Lana Del Rey fala sobre Lust For Life, Donald Trump, lembranças e muito mais em entrevista à revista francesa Les Inrockuptibles

por / domingo, 09 julho 2017 / Publicado emEntrevistas

Les inrock 2017

Quando adolescente, Lana Del Rey era destemida. Ela fala disso em Lust For Life, um novo álbum em que sua voz poderosa oferece uma total diferença, de uma intensa colaboração com The Weeknd para uma balada suave com Sean Lennon.

Você não lançou nada desde Honeymoon em 2015. Quando você sente que está pronta para um novo álbum?
Meu problema não é começar, é parar. Mesmo quando eu acho que eu terminei um álbum, eu continuo a criar. Eu sempre quero acrescentar uma música e outra. Se eu não estou ocupada com a mixagem no fim da criação do álbum, eu continuo escrevendo. Por exemplo, duas músicas do novo álbum foram compostas durante a finalização do anterior. Eu não consigo parar de trabalhar nisso, eu amo estar no estúdio, me faz bem. Eu tenho feito isso por cinco anos no mesmo lugar, em Los Angeles, onde eu trabalho com o mesmo equipamento no estúdio do produtor Rick Nowels. Nós passamos nossa vida lá, como uma gangue.

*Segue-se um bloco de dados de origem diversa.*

Lemma conj_stable_ulsubmxM Y Z : stablemx W Y ->
  ulsubmx (conjP (Y *m Z)) = ulsubmx (conjP Y) *m ulsubmx (conjP Z).
Proof.
move=> WY; have -> : conjP (Y *m Z) = conjP Y *m conjP Z.
  by rewrite !mulmxA mulmxKV.
rewrite -{1}[conjP Y]submxK -{1}[conjP Z]submxK mulmx_block block_mxKul.
by rewrite conj_stable_ursubmx // mul0mx addr0.
Qed.

Lemma char_poly_conj_stable Y : stablemx W Y ->
  char_poly Y = char_poly (ulsubmx (conjP Y)) * char_poly (drsubmx (conjP Y)).
Proof.
move=> WY; rewrite -(char_poly_conj Y Pu) -{1}[conjP Y]submxK.
by rewrite conj_stable_ursubmx // char_poly_lblock.
Qed.

(* When [X^T] stabilises the row space [W], this is the determinant of the
   restriction of [X^T] to [W]. *)
Definition restr_det (X : 'M[F]_(d + e)) := \det (ulsubmx (conjP X^T)).

Lemma restr_detM X Z : stablemx W Z^T ->
  restr_det (X *m Z) = restr_det X * restr_det Z.
Proof.
by move=> WZ; rewrite /restr_det trmx_mul conj_stable_ulsubmxM // det_mulmx mulrC.
Qed.

Lemma restr_det1 : restr_det 1%:M = 1.
Proof.
by rewrite /restr_det trmx1 mulmx1 mulmxV // (scalar_mx_block d e) block_mxKul det1.
Qed.

Lemma restr_det_invmx X : X \in unitmx -> stablemx W X^T ->
  restr_det (invmx X) * restr_det X = 1.
Proof.
by move=> Xu WX; rewrite -restr_detM ?mulVmx ?restr_det1.
Qed.

Lemma stablemx_trmx_invmx X : X \in unitmx ->
  stablemx W X^T -> stablemx W (invmx X)^T.
Proof. by move=> Xu WX; rewrite trmx_inv stablemx_invmx ?unitmx_tr. Qed.

Lemma stablemx_trmx_commutator A B : A \in unitmx -> B \in unitmx ->
  stablemx W A^T -> stablemx W B^T -> stablemx W (commutatorm A B)^T.
Proof.
move=> Au Bu WA WB.
by rewrite /commutatorm !trmx_mul !stablemxM ?stablemx_trmx_invmx.
Qed.

Lemma restr_det_commutator A B : A \in unitmx -> B \in unitmx ->
  stablemx W A^T -> stablemx W B^T -> restr_det (commutatorm A B) = 1.
Proof.
move=> Au Bu WA WB; rewrite /commutatorm !restr_detM ?stablemx_trmx_invmx //.
transitivity ((restr_det (invmx A) * restr_det A) * (restr_det (invmx B) * restr_det B)).
  by ring.
by rewrite !restr_det_invmx // mulr1.
Qed.

Lemma restr_det_prod m (X : 'I_m -> 'M[F]_(d + e)) :
  (forall k, stablemx W (X k)^T) ->
  stablemx W (\big[mulmx/1%:M]_(k < m) X k)^T /\
  restr_det (\big[mulmx/1%:M]_(k < m) X k) = \prod_(k < m) restr_det (X k).
Proof.
elim: m X => [|m IHm] X WX; first by rewrite !big_ord0 trmx1 restr_det1 stablemxC.
have [WXs Xs] := IHm _ (fun k => WX (lift ord0 k)).
by rewrite !big_ord_recl restr_detM // Xs trmx_mul stablemxM.
Qed.

End StableBlock.

Section GenericStableBlock.
Variables (F : closedFieldType) (d e : nat) (P : 'M[F]_(d + e)).
Hypothesis Pu : P \in unitmx.
Local Notation W := (usubmx P).

Lemma restr_det_eigen_listing M X : in_class M X -> stablemx W X^T ->
  exists t : (d + e).-tuple F,
    eigen_listing M t /\ \prod_(k < d) tnth t (lshift e k) = restr_det P X.
Proof.
move=> MX WX; have [tY HY] := eigen_listing_exists (ulsubmx (P *m X^T *m invmx P)).
have [tZ HZ] := eigen_listing_exists (drsubmx (P *m X^T *m invmx P)).
exists [tuple of tY ++ tZ]; split.
  rewrite -(eigen_listing_in_class _ MX) /eigen_listing -char_poly_trmx.
  by rewrite (char_poly_conj_stable Pu WX) big_cat /= HY HZ.
rewrite /restr_det (det_eigen_listing HY) big_tuple.
by apply: eq_bigr => k _; rewrite tnth_lshift.
Qed.

Lemma generic_no_stable_block n g (M T : 'I_n -> 'M[F]_(d + e))
    (A B : 'I_g -> 'M[F]_(d + e)) :
  (0 < d)%N -> (0 < e)%N -> mult_generic M ->
  (forall i, in_class (M i) (T i)) ->
  (forall k, A k \in unitmx) -> (forall k, B k \in unitmx) ->
  (\big[mulmx/1%:M]_(k < g) commutatorm (A k) (B k))
    *m (\big[mulmx/1%:M]_(i < n) T i) = 1%:M ->
  (forall k, stablemx W (A k)^T) -> (forall k, stablemx W (B k)^T) ->
  ~ (forall i, stablemx W (T i)^T).
Proof.
move=> d_gt0 e_gt0 Mgen MT Au Bu prod1 WA WB WT.
have WC k := stablemx_trmx_commutator (Au k) (Bu k) (WA k) (WB k).
have [_ Cs] := restr_det_prod Pu WC; rewrite /= in Cs.
have [WTs Ts] := restr_det_prod Pu WT.
have /fin_all_exists [lam lamP] i := restr_det_eigen_listing (MT i) (WT i).
pose L : {set 'I_(d + e)} := [set lshift e k | k : 'I_d].
have cardL : #|L| = d by rewrite card_imset ?card_ord //; exact: lshift_inj.
have dL : (1 <= d < d + e)%N by rewrite d_gt0 -addn1 leq_add2l.
have := Mgen lam (fun i => (lamP i).1) d dL (fun _ => L) (fun _ => cardL).
apply/negP; rewrite negbK.
rewrite -[X in _ == X](restr_det1 Pu) -prod1 (restr_detM Pu); last exact: WTs.
rewrite Cs Ts.
rewrite [X in _ == X * _]big1 ?mul1r => [|k _]; last exact: (restr_det_commutator Pu).
apply/eqP/eq_bigr => i _; rewrite -(lamP i).2 big_imset //=.
by move=> j k _ _; exact: lshift_inj.
Qed.

End GenericStableBlock.

Lemma generic_col_invariant_trivial (F : closedFieldType) r n g
    (M T : 'I_n -> 'M[F]_r) (A B : 'I_g -> 'M[F]_r) :
  mult_generic M -> (forall i, in_class (M i) (T i)) ->
  (forall k, A k \in unitmx) -> (forall k, B k \in unitmx) ->
  (\big[mulmx/1%:M]_(k < g) commutatorm (A k) (B k))
    *m (\big[mulmx/1%:M]_(i < n) T i) = 1%:M ->
  forall U : 'M[F]_r,
    (forall k, col_invariant U (A k)) -> (forall k, col_invariant U (B k)) ->
    (forall i, col_invariant U (T i)) -> (\rank U == 0)%N || (\rank U == r).
Proof.
move=> Mgen MT Au Bu prod1 U UA UB UT.
have [d rU] : {d | \rank U = d} by exists (\rank U).
have [e def_r] : {e | r = (d + e)%N} by exists (r - d)%N; rewrite subnKC // -rU rank_leq_col.
subst r; rewrite rU; case: (posnP d) => [-> //|d_gt0].
case: (posnP e) => [->|e_gt0]; first by rewrite addn0 eqxx orbT.
have UW := eqmx_usubmx_row_ebase rU.
have stableW X : col_invariant U X -> stablemx (usubmx (row_ebase U)) X^T.
  by rewrite -(eqmx_stable _ UW).
exfalso; apply: (generic_no_stable_block (row_ebase_unit U) d_gt0 e_gt0 Mgen MT Au Bu prod1).
- by move=> k; apply: stableW.
- by move=> k; apply: stableW.
- by move=> i; apply: stableW.
Qed.

Unset Implicit Arguments.

Theorem mainTheorem2 (R : realType) (n g r : nat) (M : 'I_n -> 'M[R[i]]_r) :
  (1 <= n)%N -> (1 <= g)%N -> (1 <= r)%N ->
  (forall i, M i \in unitmx) ->
  mult_generic M ->
  \prod_(i < n) \det (M i) = 1 ->
  (g = 1%N -> exists i : 'I_n, forall s, eigen_listing (M i) s ->
                attached_partition (M i) s != [:: r]) ->
  exists (A B : 'I_g -> 'M[R[i]]_r) (T : 'I_n -> 'M[R[i]]_r),
    [/\ (forall k, A k \in unitmx), (forall k, B k \in unitmx),
        (forall i, in_class (M i) (T i)),
        (\big[mulmx/1%:M]_(k < g) commutatorm (A k) (B k))
          *m (\big[mulmx/1%:M]_(i < n) T i) = 1%:M
      & forall U : 'M[R[i]]_r,
          (forall k, col_invariant U (A k)) ->
          (forall k, col_invariant U (B k)) ->
          (forall i, col_invariant U (T i)) ->
          (\rank U == 0)%N || (\rank U == r)].
Proof.
move=> _ g_gt0 r_gt0 _ Mgen detM _.
case: r r_gt0 => [//|r'] _ in M Mgen detM *.
case: g g_gt0 => [//|g'] _.
have [A [B [T [Au Bu MT prod1]]]] := exists_commutator_solution g' Mgen detM.
exists A, B, T; split => //.
exact: generic_col_invariant_trivial Mgen MT Au Bu prod1.
Qed.
(* Let $F_\infty$ be the free group on countably many generators $a_1,a_2,\dots$, and let $T$ be its Cayley graph with respect to $\{a_i\}$ (vertices: reduced words; $t$ adjacent to $ta_i^{\pm1}$), a tree rooted at the empty word $\emptyset$. For $t\ne\emptyset$ let $\hat t$ be the word obtained by deleting the last letter of $t$. Let $G=\mathrm{Aut}(T)$ be the group of graph automorphisms of $T$, acting on $\mathbb C^T$ (and on $\ell_1(T),\ell_2(T)$) by $u(g)x=(x(g^{-1}t))_{t\in T}$. Define $R:\ell_2(T)\to\ell_\infty(T)$ by $(Rx)(s)=x(\hat s)$ for $s\neq\emptyset$, $(Rx)(\emptyset)=0$, and $L:\ell_1(T)\to\ell_1(T)$ by $Le_t=e_{\hat t}$ for $t\ne\emptyset$, $Le_\emptyset=0$. Then: (1) there is no linear map $\Lambda:\ell_2(T)\to\mathbb C^T$ with $u(g)\Lambda=\Lambda u(g)$ for all $g\in G$ such that $R-\Lambda$ maps $\ell_2(T)$ boundedly into $\ell_2(T)$; (2) there is no linear map $\Lambda:\ell_1(T)\to\mathbb C^T$ with $u(g)\Lambda=\Lambda u(g)$ for all $g\in G$ such that $(L-\Lambda)x\in\ell_2(T)$ and $\|(L-\Lambda)x\|_2\le C\|x\|_2$ for all $x\in\ell_1(T)$.
   Context: $e_t$ denotes the canonical basis vector at $t\in T$. (It is known that the commutators $u(g)R-Ru(g)$ and $u(g)L-Lu(g)$ extend to bounded operators on $\ell_2(T)$ of norm at most $2$, so $R$ and $L$ are linear $\mathrm{Aut}(T)$-centralizers $\ell_2(T)\curvearrowright\ell_2(T)$.) *)

From Stdlib Require Import Reals List Bool Arith ClassicalEpsilon.
Import ListNotations.
Open Scope R_scope.

Record Cplx := mkC { re : R; im : R }.
Definition C0 : Cplx := mkC 0 0.
Definition Cadd (z w : Cplx) : Cplx := mkC (re z + re w) (im z + im w).
Definition Csub (z w : Cplx) : Cplx := mkC (re z - re w) (im z - im w).
Definition Cmul (z w : Cplx) : Cplx :=
  mkC (re z * re w - im z * im w) (re z * im w + im z * re w).
Definition Cnorm2 (z : Cplx) : R := re z * re z + im z * im z.
Definition Cabs (z : Cplx) : R := sqrt (Cnorm2 z).

(* A letter (i, b) stands for a_i if b = true and a_i^{-1} if b = false.
   A word is stored REVERSED: the head of the list is the LAST letter of
   the word.  So  t a_i^{+-1}  is  (i,b) :: t  and  hat t  is  tl t. *)
Definition letter := (nat * bool)%type.
Definition inv_letter (a : letter) : letter := (fst a, negb (snd a)).
Definition letter_eqb (a b : letter) : bool :=
  Nat.eqb (fst a) (fst b) && Bool.eqb (snd a) (snd b).

Fixpoint reducedb (w : list letter) : bool :=
  match w with
  | [] => true
  | a :: w' =>
      match w' with
      | [] => true
      | b :: _ => negb (letter_eqb b (inv_letter a)) && reducedb w'
      end
  end.

Definition T := { w : list letter | reducedb w = true }.
Definition word (t : T) : list letter := proj1_sig t.

Lemma reduced_tl (w : list letter) : reducedb w = true -> reducedb (tl w) = true.
Proof.
  destruct w as [|a w]; simpl; auto.
  destruct w as [|b w]; simpl; auto.
  intros H; apply andb_prop in H; destruct H as [_ H]; exact H.
Qed.

Definition root : T := exist _ [] eq_refl.

(* hat t : delete the last letter (root is sent to itself, unused) *)
Definition hat (t : T) : T := exist _ (tl (word t)) (reduced_tl _ (proj2_sig t)).

Definition is_root (t : T) : bool :=
  match word t with [] => true | _ => false end.

(* adjacency in the Cayley graph: t ~ t a_i^{+-1}, i.e. one vertex is
   the parent (hat) of the other *)
Definition adj (s t : T) : Prop :=
  (word s <> [] /\ hat s = t) \/ (word t <> [] /\ hat t = s).

Definition is_aut (g ginv : T -> T) : Prop :=
  (forall t, g (ginv t) = t) /\ (forall t, ginv (g t) = t) /\
  (forall s t, adj s t <-> adj (g s) (g t)).

Definition vec := T -> Cplx.
Definition vadd (x y : vec) : vec := fun t => Cadd (x t) (y t).
Definition vsub (x y : vec) : vec := fun t => Csub (x t) (y t).
Definition vscale (c : Cplx) (x : vec) : vec := fun t => Cmul c (x t).

(* u(g) x = (x(g^{-1} t))_t ; we pass the inverse ginv of g *)
Definition act (ginv : T -> T) (x : vec) : vec := fun t => x (ginv t).

Definition sumsq (x : vec) (l : list T) : R :=
  fold_right (fun t acc => Cnorm2 (x t) + acc) 0 l.
Definition sumabs (x : vec) (l : list T) : R :=
  fold_right (fun t acc => Cabs (x t) + acc) 0 l.

Definition in_l2 (x : vec) : Prop :=
  exists B, forall l, NoDup l -> sumsq x l <= B.
Definition in_l1 (x : vec) : Prop :=
  exists B, forall l, NoDup l -> sumabs x l <= B.

(* ||y||_2 <= K ||x||_2  (unfolded: every bound B on ||x||_2^2 gives
   the bound K^2 B on ||y||_2^2) *)
Definition l2_bound (y x : vec) (K : R) : Prop :=
  forall B, (forall l, NoDup l -> sumsq x l <= B) ->
  forall l, NoDup l -> sumsq y l <= K ^ 2 * B.

Definition Rop (x : vec) : vec :=
  fun s => if is_root s then C0 else x (hat s).

Definition nth_letter (n : nat) : letter := (Nat.div2 n, Nat.odd n).

(* value of x at the n-th child  s (nth_letter n)  of s, or 0 if that
   word is not reduced (i.e. it is the parent of s) *)
Definition child_val (x : vec) (s : T) (n : nat) : Cplx :=
  let w := nth_letter n :: word s in
  match reducedb w as b return reducedb w = b -> Cplx with
  | true => fun H => x (exist _ w H)
  | false => fun _ => C0
  end eq_refl.

Definition series_value (f : nat -> R) : R :=
  epsilon (inhabits 0) (fun r => infinite_sum f r).

(* L e_t = e_{hat t} (t <> root), L e_root = 0, extended to l_1:
   (L x)(s) = sum over the children t of s (hat t = s, t <> root) of x(t) *)
Definition Lop (x : vec) : vec :=
  fun s => mkC (series_value (fun n => re (child_val x s n)))
               (series_value (fun n => im (child_val x s n))).

(* Equivariance makes Λ rigid on the star of the root.  The automorphisms
   permuting the generators fix the root and permute its neighbours a_i, and
   an automorphism exchanges the root with a_0; hence c := (Λ e_∅)(a_i) does
   not depend on i, and (Λ e_{a_i})(∅) = c.  Since (R e_∅)(a_i) = 1 and
   (L e_∅)(a_i) = 0 for the infinitely many a_i, square-summability of the
   error on e_∅ forces c = 1 for R and c = 0 for L.  For
   x_N := e_{a_0} + ... + e_{a_(N-1)} one has ‖x_N‖₂² = N and, by additivity,
   (Λ x_N)(∅) = N c, so the error at the root has real part -N for R and N
   for L, against the bound K √N. *)

From Stdlib Require Import Reals List.
From Stdlib Require Import Lra Lia Bool ClassicalEpsilon FunctionalExtensionality Eqdep_dec FinFun.
Import ListNotations.
Open Scope R_scope.

Lemma word_inj (s t : T) : word s = word t -> s = t.
Proof.
  destruct s as [w Hw], t as [v Hv]; simpl; intros E; subst v.
  f_equal. apply UIP_dec. exact bool_dec.
Qed.

Lemma letter_eqb_true (x y : letter) : letter_eqb x y = true <-> x = y.
Proof.
  destruct x as [i b], y as [j c]; unfold letter_eqb; simpl.
  rewrite andb_true_iff, Nat.eqb_eq, eqb_true_iff. split.
  - intros [-> ->]; reflexivity.
  - intros H; injection H; auto.
Qed.

Definition letter_dec : forall x y : letter, {x = y} + {x <> y}.
Proof. decide equality; [apply bool_dec | apply Nat.eq_dec]. Defined.

Lemma reducedb_cons2 (x y : letter) (w : list letter) :
  reducedb (x :: y :: w) = negb (letter_eqb y (inv_letter x)) && reducedb (y :: w).
Proof. reflexivity. Qed.

Section LetterMap.
Variable f : letter -> letter.
Hypothesis f_inj : Injective f.
Hypothesis f_inv_letter : forall x, f (inv_letter x) = inv_letter (f x).

Lemma letter_eqb_map_inv x y :
  letter_eqb (f x) (inv_letter (f y)) = letter_eqb x (inv_letter y).
Proof.
  rewrite <- f_inv_letter. apply eq_true_iff_eq. rewrite !letter_eqb_true.
  split; [apply f_inj | intros ->; reflexivity].
Qed.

Isso significa que você nunca soube o que é o medo de uma folha em branco?
Isso era uma medo que me dominava antes de eu começar a gravar álbuns de verdade. Era uma realidade antes do meu sucesso, quando eu gravava por simples prazer pessoal, quando eu escrevia só pra mim. Eu tinha a certeza que a inspiração ia sumir, e acontecia sempre. Muitas vezes eu não conseguia compor por seis meses. Mas 10 anos depois, agora, eu encontro inspiração facilmente – ou ela me encontra. Eu tenho aprendido a ser estimulada por ela. Especialmente recusando a ficar sozinha, eu encontro amigos, eu observo o que está acontecendo sem nenhum estresse. Eu uso meu celular sem parar em modo de reconhecimento de fala. Eu tenho gravado incontáveis melodias e palavras… É um pouco assustador, eu devo ter 700 rascunhos de músicas no meu celular. Eu conheço a sensação de quando uma melodia vem à minha mente e eu corro pro meu celular para gravar, mesmo se for no meio da noite. Uma boa melodia não bate duas vezes na sua porta. Se você não receber, ela vai aparecer em outra porta. Por exemplo, durante as gravações de Honeymoon, eu sempre ouvia uma melodia na minha cabeça, que me torturava e que eu não conseguir captar. Soava como as músicas da Renascença… Eu murmurei essa melodia por meses antes de finalmente se tornar “Terrence Loves You” (canta por um tempo).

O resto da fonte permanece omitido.